ABOUT THIS TASK
Your response should contain each line of the data that includes "expD".

AVAILABLE DATA
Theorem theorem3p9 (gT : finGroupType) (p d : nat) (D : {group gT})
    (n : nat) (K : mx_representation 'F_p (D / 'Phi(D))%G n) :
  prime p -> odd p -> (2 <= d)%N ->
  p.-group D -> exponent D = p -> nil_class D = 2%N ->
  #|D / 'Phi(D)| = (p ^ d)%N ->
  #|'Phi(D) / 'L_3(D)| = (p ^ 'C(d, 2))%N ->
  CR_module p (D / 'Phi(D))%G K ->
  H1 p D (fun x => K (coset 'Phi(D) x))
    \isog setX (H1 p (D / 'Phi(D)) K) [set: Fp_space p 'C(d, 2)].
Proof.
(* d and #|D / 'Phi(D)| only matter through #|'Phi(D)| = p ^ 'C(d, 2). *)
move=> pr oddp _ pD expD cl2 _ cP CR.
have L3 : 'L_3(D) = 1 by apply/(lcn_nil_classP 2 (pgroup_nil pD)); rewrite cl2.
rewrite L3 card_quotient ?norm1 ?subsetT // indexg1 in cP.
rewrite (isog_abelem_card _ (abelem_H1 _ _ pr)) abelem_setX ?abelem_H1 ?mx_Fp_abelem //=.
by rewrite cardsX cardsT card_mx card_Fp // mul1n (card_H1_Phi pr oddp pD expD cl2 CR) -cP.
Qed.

PROBLEM SOLUTION
move=> pr oddp _ pD expD cl2 _ cP CR.
by rewrite cardsX cardsT card_mx card_Fp // mul1n (card_H1_Phi pr oddp pD expD cl2 CR) -cP.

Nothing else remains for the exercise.